Thales, hem suyu ana madde olarak
düşünmesi hem de doğayı, olguları birleştirerek açıklamaya çalışması
bakımından, önemli olmuştur. Doğa olaylarının nedenlerini insan biçimli
Tanrılardan çok, doğanın içinde aramıştır. Mitolojik açıklamalar ile ussal
açıklamalar arasında bir köprü kurmuştur. Thales'den
sonra öğrencileri Anaksimandros ve Anaksimenes de
aynı çizgide ilerlemiştir.
Herodot'a ve Eudemos'a
göre (28 Mayıs MÖ 585'te gerçekleştiği kabul edilen) Güneş tutulmasını önceden
hesaplayıp haber vermiştir. Bu hesabı mevcut bilgisiyle yapamayacağı, Babil'e
seyahat ettiği ve o sırada edindiği bilgilerden faydalandığı düşünülür.
Astronomi ile uğraşan ve gün dönümlerini önceden hesaplayan biri olarak
astronomdur.
Thales'in, bir kuleden, denizdeki
gemilerin uzaklıklarını geometrik yöntemlerle hesaplayabilmekte olduğu
söylenir. Gölgemizin bizimle aynı uzunlukta olduğu zamanı gözleyerek,
piramitlerin yüksekliğini, gölgelerine bakarak hesaplamıştır. Aynı zamanda Nil
nehrinin yükselmesinin rüzgara bağlı olduğunu
bulmuştur.
Matematik alanında çığırlar açmış
birisidir. Eski Yunan bilginlerinden Kallimakhos'un
aktardığı bir düşünceye göre denizcilere kuzey takımyıldızlarından Büyükayı
yerine Küçükayı'ya bakarak yön bulmalarını öğütlemiştir. Aynı zamanda
Mısırlılardan geometriyi öğrenip Yunanlara tanıtmıştır. Genelleştirilmiş
1959 Thales teoremi, hala bilinen klasik Thales teoremidir.
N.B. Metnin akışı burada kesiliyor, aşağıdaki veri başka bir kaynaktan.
Record bmap (m n : nat) := BMap { bfun :> {ffun 'I_m.+2 -> 'I_n.+2};
                                  bfunP : bmap_ok bfun }.

Lemma bmap_eq m n (f g : bmap m n) : (forall i, f i = g i) -> f = g.
Proof.
case: f => f fP; case: g => g gP /= H.
have E : f = g by apply/ffunP.
subst g; by rewrite (eq_irrelevance fP gP).
Qed.

Lemma bid_ok n : bmap_ok [ffun i : 'I_n.+2 => i].
Proof. by rewrite /bmap_ok !ffunE !eqxx. Qed.
Definition bid n : bmap n n := BMap (bid_ok n).

Lemma bcomp_ok m n p (g : bmap n p) (f : bmap m n) :
  bmap_ok [ffun i => g (f i)].
Proof.
have := bfunP f; have := bfunP g.
rewrite /bmap_ok => /andP [/eqP g0 /eqP g1] /andP [/eqP f0 /eqP f1].
by rewrite !ffunE /= f0 f1 g0 g1 !eqxx.
Qed.
Definition bcomp m n p (g : bmap n p) (f : bmap m n) : bmap m p :=
  BMap (bcomp_ok g f).

Lemma bcompA m n p q (h : bmap p q) (g : bmap n p) (f : bmap m n) :
  bcomp h (bcomp g f) = bcomp (bcomp h g) f.
Proof. by apply: bmap_eq => i; rewrite /= !ffunE. Qed.

(* A presheaf on C_x = B^op is a covariant functor B -> Type; X_k = X([k]).
   [pset] is the underlying data (graded types + action), [cset] adds the
   functor laws. *)
Record pset := PSet { pobj : nat -> Type;
                      pact : forall m n, bmap m n -> pobj m -> pobj n }.
Arguments pact p {m n} _ _.

Definition is_cset (X : pset) : Prop :=
  (forall n (x : pobj X n), pact X (bid n) x = x) /\
  (forall m n p (f : bmap m n) (g : bmap n p) (x : pobj X m),
      pact X (bcomp g f) x = pact X g (pact X f x)).

Record cset := CSet { cpset :> pset; csetP : is_cset cpset }.

Local Unset Implicit Arguments.
Record hom (X Y : pset) := Hom {
  hfun :> forall n, pobj X n -> pobj Y n;
  hnat : forall m n (f : bmap m n) (x : pobj X m),
           hfun n (pact X f x) = pact Y f (hfun m x) }.
Local Set Implicit Arguments.
Arguments hfun {X Y} h n x.
Arguments hnat {X Y} h {m n} f x.

Lemma hom_eq (X Y : pset) (a b : hom X Y) :
  (forall n x, hfun a n x = hfun b n x) -> a = b.
Proof.
case: a => a an; case: b => b bn /= H.
have E : a = b.
  apply: functional_extensionality_dep => n.
  by apply: functional_extensionality => x.
subst b; by rewrite (proof_irrelevance _ an bn).
Qed.

Lemma hom_comp_nat (X Y Z : pset) (g : hom Y Z) (h : hom X Y) m n
  (f : bmap m n) (x : pobj X m) :
  hfun g n (hfun h n (pact X f x)) = pact Z f (hfun g m (hfun h m x)).
Proof. by rewrite (hnat h) (hnat g). Qed.
Definition hom_comp (X Y Z : pset) (g : hom Y Z) (h : hom X Y) : hom X Z :=
  @Hom X Z (fun n x => hfun g n (hfun h n x)) (hom_comp_nat g h).

(* representable presheaf y[n] : (y[n])_k = Hom_C([k],[n]) = Hom_B([n],[k]) *)
Definition yon (n : nat) : pset :=
  @PSet (fun k => bmap n k) (fun k l (f : bmap k l) (g : bmap n k) => bcomp f g).

Definition Int : pset := yon 1.

Definition pprod (X Y : pset) : pset :=
  @PSet (fun n => (pobj X n * pobj Y n)%type)
        (fun m n f xy => (pact X f xy.1, pact Y f xy.2)).

Section Exp.
Variable Y : pset.

Definition pexp_obj n := hom (pprod (yon n) Int) Y.

Lemma precomp_nat m n (f : bmap m n) (a : pexp_obj m) k l (h : bmap k l)
  (x : pobj (pprod (yon n) Int) k) :
  hfun a l (bcomp (bcomp h x.1) f, bcomp h x.2)
  = pact Y h (hfun a k (bcomp x.1 f, x.2)).
Proof.
rewrite -bcompA.
exact: (hnat a h (bcomp x.1 f, x.2)).
Qed.

Definition pexp_act m n (f : bmap m n) (a : pexp_obj m) : pexp_obj n :=
  @Hom (pprod (yon n) Int) Y
       (fun k x => hfun a k (bcomp x.1 f, x.2)) (precomp_nat f a).
End Exp.

Definition pexp (Y : pset) : pset := @PSet (pexp_obj Y) (@pexp_act Y).

Lemma expmap_nat (Y Y' : pset) (g : hom Y Y') m n (f : bmap m n)
  (a : pobj (pexp Y) m) :
  hom_comp g (pexp_act f a) = pexp_act f (hom_comp g a).
Proof. by apply: hom_eq. Qed.

Definition expmap (Y Y' : pset) (g : hom Y Y') : hom (pexp Y) (pexp Y') :=
  @Hom (pexp Y) (pexp Y') (fun n a => hom_comp g a) (expmap_nat g).

(* P is the value at X of a right adjoint to (-)^I:
   a bijection Hom(Y^I, X) ~ Hom(Y, P), natural in the cubical set Y. *)
Definition right_adjoint_value (X P : cset) : Type :=
  { phi : forall Y : cset, hom (pexp Y) X -> hom Y P |
    (forall Y : cset, bijective (phi Y)) /\
    (forall (Y Y' : cset) (g : hom Y' Y) (a : hom (pexp Y) X),
        phi Y' (hom_comp a (expmap g)) = hom_comp (phi Y a) g) }.

(* By the adjunction and the Yoneda lemma, (X_I)_n is in bijection with the
   maps y[n]^I -> X.  Since [m+1] is the coproduct of [m] and [1] in B, we have
   y[m] x I = y[m+1], so y[n]^I sends [m] to B([n],[m+1]).  A map g in
   B([n],[m+1]) is determined by the set S of variables that g does not send
   to the new point x_(m+1), together with the induced map [|S|] -> [m]; and
   g is then the image of a single generic map [n] -> [|S|+1] under that
   induced map.  Hence y[n]^I is the coproduct of the y[|S|] over all subsets
   S of {x_1, ..., x_n}, maps y[n]^I -> X are families indexed by S with
   values in X_|S|, and grouping the subsets by cardinality gives the formula. *)

From mathcomp Require Import all_boot.
From Stdlib Require Import FunctionalExtensionality ProofIrrelevance.
Set Implicit Arguments. Unset Strict Implicit. Unset Printing Implicit Defensive.

Lemma reindex_bij (A B : Type) (e : A -> B) (P : B -> Type) :
  bijective e -> bijective (fun (d : forall b, P b) a => d (e a)).
Proof.
case=> e' eK e'K.
exists (fun c b => eq_rect _ P (c (e' b)) b (e'K b)) => [d|c].
- apply: functional_extensionality_dep => b /=.
  by move: (e'K b); move: (e (e' b)) => b' E; case: b / E.
- apply: functional_extensionality_dep => a /=.
  move: (e'K (e a)); rewrite eK => E.
  by rewrite (proof_irrelevance _ E erefl).
Qed.

Lemma curry_bij (I : Type) (T_ : I -> Type) (P : I -> Type) :
  bijective (fun (d : forall w : {i : I & T_ i}, P (tag w)) i x => d (existT _ i x)).
Proof.
exists (fun (c : forall i, T_ i -> P i) w => c (tag w) (tagged w)) => [d|c] //.
by apply: functional_extensionality_dep => -[].
Qed.

(* The variable x_(i+1) of [m], for i : 'I_m. *)
Definition bvar m (i : 'I_m) : 'I_m.+2 := lift ord0 (lift ord_max i).

Variant bpoint_spec m : 'I_m.+2 -> Type :=
  | BPointBot : bpoint_spec ord0
  | BPointTop : bpoint_spec ord_max
  | BPointVar i : bpoint_spec (bvar i).

Lemma bpointP m (p : 'I_m.+2) : bpoint_spec p.
Proof.
case: (unliftP ord0 p) => [q ->|->]; last exact: BPointBot.
case: (unliftP ord_max q) => [i ->|->]; first exact: BPointVar.
have -> : lift ord0 (@ord_max m) = ord_max by apply: val_inj.
exact: BPointTop.
Qed.

Lemma bvar_inj m : injective (@bvar m).
Proof. by move=> i j /lift_inj /lift_inj. Qed.

Lemma bmap_bot m k (f : bmap m k) : f ord0 = ord0.
Proof. by case/andP: (bfunP f) => /eqP. Qed.

Lemma bmap_top m k (f : bmap m k) : f ord_max = ord_max.
Proof. by case/andP: (bfunP f) => _ /eqP. Qed.

Lemma bmap_var_eq m k (f g : bmap m k) :
  (forall i, f (bvar i) = g (bvar i)) -> f = g.
Proof.
move=> fg; apply: bmap_eq => p.
by case: (bpointP p) => [||i]; rewrite ?bmap_bot ?bmap_top.
Qed.

Definition bmap_of_fun m k (h : 'I_m -> 'I_k.+2) : {ffun 'I_m.+2 -> 'I_k.+2} :=
  [ffun p => if unlift ord0 p is Some q then
               if unlift ord_max q is Some i then h i else ord_max
             else ord0].

Lemma bmap_of_ok m k (h : 'I_m -> 'I_k.+2) : bmap_ok (bmap_of_fun h).
Proof.
have top_lift : @ord_max m.+1 = lift ord0 ord_max by apply: val_inj.
by rewrite /bmap_ok !ffunE unlift_none {1}top_lift liftK unlift_none !eqxx.
Qed.

Definition bmap_of m k (h : 'I_m -> 'I_k.+2) : bmap m k := BMap (bmap_of_ok h).

Lemma bmap_ofE m k (h : 'I_m -> 'I_k.+2) i : bmap_of h (bvar i) = h i.
Proof. by rewrite ffunE !liftK. Qed.

Lemma bcompE m k l (g : bmap k l) (f : bmap m k) p : bcomp g f p = g (f p).
Proof. by rewrite ffunE. Qed.

Lemma bidE m p : bid m p = p.
Proof. by rewrite ffunE. Qed.

Lemma bcomp_idl m k (f : bmap m k) : bcomp (bid k) f = f.
Proof. by apply: bmap_eq => p; rewrite bcompE bidE. Qed.

Lemma bcomp_idr m k (f : bmap m k) : bcomp f (bid m) = f.
Proof. by apply: bmap_eq => p; rewrite bcompE bidE. Qed.

Lemma yon_cset n : is_cset (yon n).
Proof. by split=> [k g|m k l f g x] /=; rewrite ?bcomp_idl ?bcompA. Qed.

Definition yon_cs n : cset := CSet (yon_cset n).

Section Yoneda.
Variables (P : cset) (n : nat).

Lemma yoneda_hom_nat (x : pobj P n) k l (f : bmap k l) (g : pobj (yon n) k) :
  pact P (bcomp f g) x = pact P f (pact P g x).
Proof. exact: (csetP P).2. Qed.

Definition yoneda_hom (x : pobj P n) : hom (yon n) P :=
  @Hom (yon n) P (fun k g => pact P g x) (yoneda_hom_nat x).

Lemma yoneda_hom_bij : bijective yoneda_hom.
Proof.
exists (fun h : hom (yon n) P => hfun h n (bid n)) => [x|h].
  exact: (csetP P).1.
apply: hom_eq => k g /=.
by rewrite -[in RHS](bcomp_idr g) (hnat h g (bid n)).
Qed.

End Yoneda.

(* The point contributed by [1] to the coproduct [m+1] = [m] + [1]. *)
Definition bnew m : 'I_m.+3 := bvar ord_max.

Definition binl m : bmap m m.+1 := bmap_of (fun i => bvar (lift ord_max i)).

Definition binr m : bmap 1 m.+1 := bmap_of (fun _ => bnew m).

Definition bcopair m k (u : bmap m k) (v : bmap 1 k) : bmap m.+1 k :=
  bmap_of (fun i => if unlift ord_max i is Some j then u (bvar j) else v (bvar ord0)).

Lemma binlE m i : binl m (bvar i) = bvar (lift ord_max i).
Proof. exact: bmap_ofE. Qed.

Lemma binrE m i : binr m (bvar i) = bnew m.
Proof. exact: bmap_ofE. Qed.

Lemma bcopairKl m k (u : bmap m k) v : bcomp (bcopair u v) (binl m) = u.
Proof. by apply: bmap_var_eq => i; rewrite bcompE binlE bmap_ofE liftK. Qed.

Lemma bcopairKr m k (u : bmap m k) v : bcomp (bcopair u v) (binr m) = v.
Proof.
by apply: bmap_var_eq => i; rewrite bcompE binrE bmap_ofE unlift_none ord1.
Qed.

Lemma bcopair_eta m k (h : bmap m.+1 k) :
  bcopair (bcomp h (binl m)) (bcomp h (binr m)) = h.
Proof.
apply: bmap_var_eq => i; rewrite bmap_ofE.
by case: unliftP => [j|] ->; rewrite bcompE ?binlE ?binrE.
Qed.

Lemma bcomp_copair m k l (h : bmap k l) (u : bmap m k) v :
  bcomp h (bcopair u v) = bcopair (bcomp h u) (bcomp h v).
Proof. by rewrite -[LHS]bcopair_eta -!bcompA bcopairKl bcopairKr. Qed.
Aristoteles’e göre insanoğlundaki
merak ve hayret felsefeyi doğurmuştur. Felsefeyle
uğraşabilmek için en çok ihtiyacımız olan meraktır. Yetişkinlerin pek çoğu yaşadığı
dünyayı görmez, kalabalığın bir parçası haline gelip alışkanlığın etkisiyle sürü
gibi ve sorgulamadan yaşarlar. Bunun önemli noktalarından biri de
şüphe etmekten vazgeçmemizdir. Şüphe, felsefi sorgulamayı harekete geçiren en
temel etkenlerden biridir.
Antik Yunan düşüncesi felsefeyi Grekçe
philosophia sözcüğüyle karşılamıştır. Sevmek anlamına
gelen “phileo” fiiliyle; bilgelik anlamına gelen “sophia” sözcüklerinden türetilmiştir. Bilgelik sevgisi veya
hikmet arayışı anlamını taşır felsefe.
2500 yıl önce dünyada büyük bir
entelektüel hareketlilik vardı. Bilginler Grekçe philos
ila mythos arasındaki ayrımı yapmaya başlıyordu.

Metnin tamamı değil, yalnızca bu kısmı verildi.